(* Let $p_1=(\alpha,r,\delta)$ be a condition, $y\in\ell^2$ be nicely hypercyclic, and $U_{q,\varepsilon}$ be a basic neighborhood ($q\in\mathbb Q^{<\omega}$, $\varepsilon$ a positive rational). Then there is a condition $p_2=(\beta,s,\eta)$ such that $p_2<p_1$ and, for some $k\le|\beta|$, $B^k_{\beta^+}$ maps $y$ nicely into $U_{q,\varepsilon}$.
   Context: $\omega=\{0,1,2,\dots\}$; $\ell^2$ is the Hilbert space of square-summable real sequences indexed by $\omega$. For nonempty $q\in\mathbb Q^{<\omega}$ and rational $\varepsilon>0$, $U_{q,\varepsilon}=\{x\in\ell^2:\lVert (x\upharpoonright|q|)-q\rVert_\infty<\varepsilon|q|^{-1/2}\text{ and }\lVert x\upharpoonright[|q|,\infty)\rVert_2<\varepsilon\}$; for $q$ empty, $U_{q,\varepsilon}=\{x:\lVert x\rVert_2<\varepsilon\}$. For $w\in\{1,2\}^\omega$, $B_w(x)(i)=w(i)x(i+1)$. A function $w$ on $\omega$ is $n$-nice at $k$ if $w(i)=w(k+i)$ for all $i<n$. $B_w^k$ maps $y$ nicely into $U_{q,\varepsilon}$ if $B_w^k(y)\in U_{q,\varepsilon}$, $w$ is $|q|$-nice at $k$, and $\lVert y\upharpoonright[k+|q|,\infty)\rVert_2<\varepsilon 2^{-k}$. $y$ is nicely hypercyclic if there is $w\in\{1,2\}^\omega$ such that for every $U_{q,\varepsilon}$ some $B_w^k$ maps $y$ nicely into $U_{q,\varepsilon}$. For $\alpha\in\{1,2\}^{<\omega}$, $\alpha^+$ is $\alpha$ followed by all $2$'s. A condition is a triple $(\alpha,r,\delta)\in\{1,2\}^{<\omega}\times\mathbb Q^{<\omega}\times(\mathbb Q\cap(0,1))$ with $|\alpha|\ge|r|$ and $\delta<2^{-|\alpha|}$. For conditions, $(\alpha_2,r_2,\delta_2)<(\alpha_1,r_1,\delta_1)$ means: $\alpha_1$ is an initial segment of $\alpha_2$; $\overline{U_{r_2,\delta_2}}\subseteq U_{r_1,\delta_1}$; and for all $k\in[|\alpha_1|,|\alpha_2|)$, $B^k_{\alpha_2^+}[U_{r_2,\delta_2}]\subseteq\{z\in\ell^2:\lVert z\rVert_2<1\}$. *)

From Stdlib Require Import Reals Lra List QArith Qreals.
From Coquelicot Require Import Coquelicot.
Open Scope R_scope.

Definition seqR := nat -> R.

Definition in_l2 (x : seqR) : Prop := ex_series (fun i => (x i) ^ 2).

Definition l2norm (x : seqR) : R := sqrt (Series (fun i => (x i) ^ 2)).

Definition tail2 (n : nat) (x : seqR) : R :=
  sqrt (Series (fun i => (x (n + i)%nat) ^ 2)).

Definition head_inf_lt (q : list Q) (x : seqR) (c : R) : Prop :=
  forall i, (i < length q)%nat -> Rabs (x i - Q2R (nth i q 0%Q)) < c.

Definition Ubasic (q : list Q) (eps : Q) (x : seqR) : Prop :=
  in_l2 x /\
  match q with
  | nil => l2norm x < Q2R eps
  | _ :: _ =>
      head_inf_lt q x (Q2R eps / sqrt (INR (length q))) /\
      tail2 (length q) x < Q2R eps
  end.

Definition l2closure (A : seqR -> Prop) (x : seqR) : Prop :=
  in_l2 x /\
  forall e, 0 < e -> exists z, A z /\ l2norm (fun i => x i - z i) < e.

Definition weight12 (w : nat -> nat) : Prop := forall i, w i = 1%nat \/ w i = 2%nat.

Definition Bw (w : nat -> nat) (x : seqR) : seqR := fun i => INR (w i) * x (S i).
Definition Bwk (w : nat -> nat) (k : nat) (x : seqR) : seqR := Nat.iter k (Bw w) x.

Definition nice (w : nat -> nat) (n k : nat) : Prop :=
  forall i, (i < n)%nat -> w i = w (k + i)%nat.

Definition maps_nicely (w : nat -> nat) (k : nat) (y : seqR) (q : list Q) (eps : Q) : Prop :=
  Ubasic q eps (Bwk w k y) /\ nice w (length q) k /\
  tail2 (k + length q) y < Q2R eps * / 2 ^ k.

Definition nicely_hypercyclic (y : seqR) : Prop :=
  in_l2 y /\
  exists w, weight12 w /\
    forall (q : list Q) (eps : Q), (0 < eps)%Q ->
      exists k, maps_nicely w k y q eps.

Definition alpha_plus (alpha : list nat) : nat -> nat := fun i => nth i alpha 2%nat.

Definition is_condition (alpha : list nat) (r : list Q) (delta : Q) : Prop :=
  List.Forall (fun a => a = 1%nat \/ a = 2%nat) alpha /\
  (length r <= length alpha)%nat /\
  (0 < delta)%Q /\ (delta < 1)%Q /\
  Q2R delta < / 2 ^ (length alpha).

Definition cond_lt (alpha2 : list nat) (r2 : list Q) (delta2 : Q)
                   (alpha1 : list nat) (r1 : list Q) (delta1 : Q) : Prop :=
  (exists t, alpha2 = alpha1 ++ t) /\
  (forall x, l2closure (Ubasic r2 delta2) x -> Ubasic r1 delta1 x) /\
  (forall k, (length alpha1 <= k < length alpha2)%nat ->
     forall z, Ubasic r2 delta2 z -> in_l2 (Bwk (alpha_plus alpha2) k z) /\
                                l2norm (Bwk (alpha_plus alpha2) k z) < 1).

(* Let [w] witness that [y] is nicely hypercyclic, [L = |alpha|] and [n = |q|].  For a hitting
   time [k] of [w], let [beta] be [alpha], then [w] on [[L, k]], then the first [n] letters of this
   word once more, so that [beta^+] is [n]-nice at [k + 1].  On the first [n] coordinates,
   [B_{beta^+}^{k+1} y] is then [c] times [B_w^k y] shifted by one, where
   [c = (prod_{j<L} alpha^+(j)) w(0) / prod_{j<L} w(j)] does not depend on [k].  So it suffices to
   aim [B_w^k y] at a basic set centred at [(N, q / c)] with a huge [N], which forces
   [k >= L + n].  Any extension [beta] of [alpha] over [{1,2}] then yields the condition
   [(beta, r, delta / 2^(|beta| + 2))] below [(alpha, r, delta)], since [B^j] multiplies norms by
   at most [2^j]. *)

From Stdlib Require Import Reals Lra Lia List QArith Qreals ZArith.
From Coquelicot Require Import Coquelicot.
Open Scope R_scope.

Lemma ex_series_scal_R (c : R) (a : nat -> R) :
  ex_series a -> ex_series (fun n => c * a n).
Proof. exact (@ex_series_scal_l R_AbsRing R_NormedModule c a). Qed.

Lemma ex_series_plus_R (a b : nat -> R) :
  ex_series a -> ex_series b -> ex_series (fun n => a n + b n).
Proof. exact (@ex_series_plus R_AbsRing R_NormedModule a b). Qed.

Lemma ex_series_le_R (a b : nat -> R) :
  (forall n, 0 <= a n <= b n) -> ex_series b -> ex_series a.
Proof.
  intros Hab. apply (@ex_series_le R_AbsRing R_CompleteNormedModule).
  intros n. change (Rabs (a n) <= b n). rewrite Rabs_pos_eq; apply Hab.
Qed.

Lemma Series_nonneg (a : nat -> R) :
  (forall n, 0 <= a n) -> ex_series a -> 0 <= Series a.
Proof.
  intros Ha Hex.
  replace 0 with (Series (fun n => 0 * a n)) by (rewrite Series_scal_l; ring).
  apply Series_le; [|exact Hex]. intros n. rewrite Rmult_0_l. split; [lra | apply Ha].
Qed.

Lemma sqrt_lt_iff (a b : R) : 0 <= a -> 0 <= b -> sqrt a < b <-> a < b ^ 2.
Proof.
  intros Ha Hb. rewrite <- (sqrt_pow2 b Hb) at 1.
  split; [apply sqrt_lt_0_alt | intros; apply sqrt_lt_1_alt; lra].
Qed.

Definition tail_sq (m : nat) (x : seqR) : R := Series (fun i => x (m + i)%nat ^ 2).

Section Tails.

Variable x : seqR.
Hypothesis Hx : in_l2 x.

Lemma ex_series_tail_sq m : ex_series (fun i => x (m + i)%nat ^ 2).
Proof.
  induction m as [|m IH]; [exact Hx|].
  apply ex_series_incr_1 in IH.
  eapply ex_series_ext; [|exact IH]. intros i. simpl. now rewrite Nat.add_succ_r.
Qed.

Lemma tail_sq_nonneg m : 0 <= tail_sq m x.
Proof. apply Series_nonneg; [intros; apply pow2_ge_0 | apply ex_series_tail_sq]. Qed.

Lemma tail_sq_S m : tail_sq m x = x m ^ 2 + tail_sq (S m) x.
Proof.
  unfold tail_sq. rewrite Series_incr_1 by apply ex_series_tail_sq.
  rewrite Nat.add_0_r. f_equal. apply Series_ext. intros i. now rewrite Nat.add_succ_r.
Qed.

Lemma tail_sq_antimon m m' : (m <= m')%nat -> tail_sq m' x <= tail_sq m x.
Proof.
  induction 1 as [|m' _ IH]; [lra|].
  rewrite tail_sq_S in IH. pose proof (pow2_ge_0 (x m')). lra.
Qed.

Lemma tail2_antimon m m' : (m <= m')%nat -> tail2 m' x <= tail2 m x.
Proof. intros Hm. apply sqrt_le_1_alt, tail_sq_antimon, Hm. Qed.

Lemma Rabs_le_tail2 m j : (m <= j)%nat -> Rabs (x j) <= tail2 m x.
Proof.
  intros Hj. rewrite <- (sqrt_pow2 _ (Rabs_pos (x j))), pow2_abs.
  apply sqrt_le_1_alt. fold (tail_sq m x).
  pose proof (tail_sq_antimon m j Hj) as Hmj. rewrite tail_sq_S in Hmj.
  pose proof (tail_sq_nonneg (S j)). lra.
Qed.

End Tails.

Lemma in_l2_sub x z : in_l2 x -> in_l2 z -> in_l2 (fun i => x i - z i).
Proof.
  intros Hx Hz. apply ex_series_le_R with (fun i => 2 * x i ^ 2 + 2 * z i ^ 2).
  - intros i. pose proof (pow2_ge_0 (x i + z i)). split; [apply pow2_ge_0 | nra].
  - apply ex_series_plus_R; apply ex_series_scal_R; assumption.
Qed.

Lemma tail_sq_le_sub x z m : in_l2 x -> in_l2 z ->
  tail_sq m x <= 2 * tail_sq m z + 2 * tail_sq m (fun i => x i - z i).
Proof.
  intros Hx Hz. pose proof (in_l2_sub x z Hx Hz) as Hd.
  pose proof (ex_series_tail_sq z Hz m) as Hzm.
  pose proof (ex_series_tail_sq _ Hd m) as Hdm.
  unfold tail_sq. rewrite <- !Series_scal_l, <- Series_plus
    by (apply ex_series_scal_R; assumption).
  apply Series_le.
  - intros i. pose proof (pow2_ge_0 (2 * z (m + i)%nat - x (m + i)%nat)).
    split; [apply pow2_ge_0 | nra].
  - apply ex_series_plus_R; apply ex_series_scal_R; assumption.
Qed.

Lemma tail2_lt_near x z m c : in_l2 x -> in_l2 z ->
  tail2 m z < c / 2 -> l2norm (fun i => x i - z i) <= c / 2 -> tail2 m x < c.
Proof.
  intros Hx Hz Hzm Hd.
  set (d := fun i => x i - z i) in Hd.
  assert (Hdl : in_l2 d) by now apply in_l2_sub.
  change (sqrt (tail_sq m z) < c / 2) in Hzm.
  assert (Hc : 0 < c / 2) by (pose proof (sqrt_pos (tail_sq m z)); lra).
  apply sqrt_lt_iff in Hzm; [|apply tail_sq_nonneg; exact Hz | lra].
  assert (Hd0 : tail_sq 0 d <= (c / 2) ^ 2).
  { rewrite <- (pow2_sqrt _ (tail_sq_nonneg d Hdl 0)).
    apply pow_incr. split; [apply sqrt_pos | exact Hd]. }
  pose proof (tail_sq_antimon d Hdl 0 m (Nat.le_0_l m)) as Hdm.
  pose proof (tail_sq_le_sub x z m Hx Hz) as Hxz.
  change (sqrt (tail_sq m x) < c). fold d in Hxz.
  assert (Hc2 : 4 * (c / 2) ^ 2 = c ^ 2) by field.
  apply sqrt_lt_iff; [apply tail_sq_nonneg; exact Hx | lra | lra].
Qed.

Lemma Ubasic_tail2 r e z : Ubasic r e z -> in_l2 z /\ tail2 (length r) z < Q2R e.
Proof. destruct r; intros [Hz Hr]; split; [exact Hz | exact Hr | exact Hz | apply Hr]. Qed.

Lemma Ubasic_intro q e z : in_l2 z ->
  head_inf_lt q z (Q2R e / sqrt (INR (length q))) -> tail2 (length q) z < Q2R e ->
  Ubasic q e z.
Proof.
  intros Hz Hhead Htail.
  destruct q; split; [exact Hz | exact Htail | exact Hz | split; assumption].
Qed.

* _BRIEF_
Your answer should be one number: how many lines in the records above include "rewrite".

* _WRITTEN SOLUTION_
12